Spatial Distribution and Hotspot Analysis

Objective: Understand the geographic distribution of crime and pinpoint high-risk areas.

Steps:

  1. Use choropleth maps to show the density of incidents across Tucson’s wards or divisions.

  2. Analyze the spatial distribution of specific crime types across wards/divisions to see if certain crimes are more prevalent in particular areas.

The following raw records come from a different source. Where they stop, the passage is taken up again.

Theorem theorem2 (R : realType) (n : nat)
  (F : 'rV[R]_n -> R) (h : 'rV[R]_n -> \bar R) (f_inf : R)
  (q rho L delta beta zeta : R)
  (x g : nat -> 'rV[R]_n) :
  proper_fun h -> elsc h -> convex_efun h ->
  lsc F ->
  (forall y, (h y < +oo)%E -> ((F y)%:E + h y >= f_inf%:E)%E) ->
  0 <= q < 2 -> 0 < rho -> 0 < L -> 0 <= delta ->
  0 <= beta < 1 -> 0 <= zeta < 1 ->
  let delta_k := fun k : nat => delta / powR (k.+1)%:R (beta * (2 - q) / 2) in
  let alpha_k := fun k : nat => 1 / ((L + q * rho) * powR (k.+1)%:R zeta) in
  (h (x 0%N) < +oo)%E ->
  (forall k, is_prox h (alpha_k k) (x k - alpha_k k *: g k) (x k.+1)) ->
  (forall k y, (h y < +oo)%E ->
     F y - (F (x k) + dotv (g k) (y - x k))
       <= L / 2 * enorm (y - x k) ^+ 2 + delta_k k * powR (enorm (y - x k)) q) ->
  (* p (j+1) = -(1/alpha_j)(x_{j+1} - x_j) - g_j *)
  let p := fun i : nat => - (1 / alpha_k i.-1) *: (x i - x i.-1) - g i.-1 in
  forall k : nat,
    \big[Order.min/ enorm (g 0%N + p 1%N) ^+ 2]_(j < k.+1) (enorm (g j + p j.+1) ^+ 2)
    <= 2 * (L + q * rho) * (F (x 0%N) + fine (h (x 0%N)) - f_inf)
         / ((1 - zeta) * powR (k.+1)%:R (1 - zeta))
       + (2 - q) * (L + q * rho) * powR delta (2 / (2 - q))
         / ((1 - zeta) * (1 - beta) * powR rho (q / (2 - q))
            * powR (k.+1)%:R (beta - zeta)).

Proof.
move=> h_proper _ h_convex _ f_ge q_range rho0 L0 delta0 /andP[b0 b1] /andP[z0 z1].
move=> delta_k alpha_k hx0 hprox oracle p k.
have [q0 q2] := andP q_range.
set c := L + q * rho.
have c_gt0 : 0 < c by have := mulr_ge0 q0 (ltW rho0); rewrite /c; lra.
have P_gt0 j : 0 < j.+1%:R `^ zeta by rewrite powR_gt0 ?ltr0n.
have alphaE j : alpha_k j = (c * j.+1%:R `^ zeta)^-1 by rewrite /alpha_k div1r.
have alpha_gt0 j : 0 < alpha_k j by rewrite alphaE invr_gt0 mulr_gt0.
have alpha_c j : alpha_k j * c <= 1.
  by rewrite alphaE invfM mulrAC mulVf ?gt_eqF // mul1r invf_le1 // powR_ge1 ?ler1n.
have delta_ge0 j : 0 <= delta_k j by rewrite divr_ge0 ?powR_ge0.
have dom j : (h (x j) < +oo)%E by case: j => [|j] //; case: (hprox j).
have fv_ge j : f_inf <= F (x j) + fine (h (x j)).
  by rewrite -lee_fin EFinD fineK_dom // f_ge.
have descent j : F (x j.+1) + fine (h (x j.+1))
      + (c * j.+1%:R `^ zeta)^-1 / 2 * enorm (g j + p j.+1) ^+ 2
    <= F (x j) + fine (h (x j)) + young_const q rho delta / j.+1%:R `^ beta.
  have := prox_grad_descent h_proper h_convex q_range rho0 (alpha_gt0 j) (alpha_c j)
    (delta_ge0 j) (dom j) (hprox j) (oracle j).
  by rewrite young_const_div ?ltr0n // /p /= (addrC (g j)) subrK div1r -alphaE.
have := descent_rate c_gt0 b0 b1 z0 z1 (young_const_ge0 rho delta q2) fv_ge
  (fun j => sqr_ge0 _) descent k.
suff -> : (2 - q) * c * powR delta (2 / (2 - q))
    / ((1 - zeta) * (1 - beta) * powR rho (q / (2 - q)) * powR k.+1%:R (beta - zeta))
  = 2 * c * young_const q rho delta
    / ((1 - zeta) * (1 - beta) * powR k.+1%:R (beta - zeta)) by [].
by rewrite /young_const; field; rewrite !gt_eqF ?powR_gt0 ?ltr0n ?subr_gt0.
Qed.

Data Interpretation and Visualization

Objective: Present findings in a way that highlights key insights and supports evidence-based decision-making.

Steps:

  1. Develop dashboards to dynamically display crime trends, with filters for Crime Type, Time Period, and Location.

  2. Create clear visualizations, such as heat maps for spatial distribution and bar charts for frequency analysis by crime type.

  3. Include annotated charts and narrative text to explain findings, especially for non-technical stakeholders.

Action Plan & Deliverables

  1. Comprehensive Report: Includes detailed explanations, visualizations, and findings on crime patterns and hotspots.

  2. Interactive Dashboard: Provides real-time insights into crime distribution, allowing users to filter by type, time, and location.

  3. Presentation of Insights: Summarizes key findings and actionable insights for stakeholders, with recommendations for improving public safety in Tucson.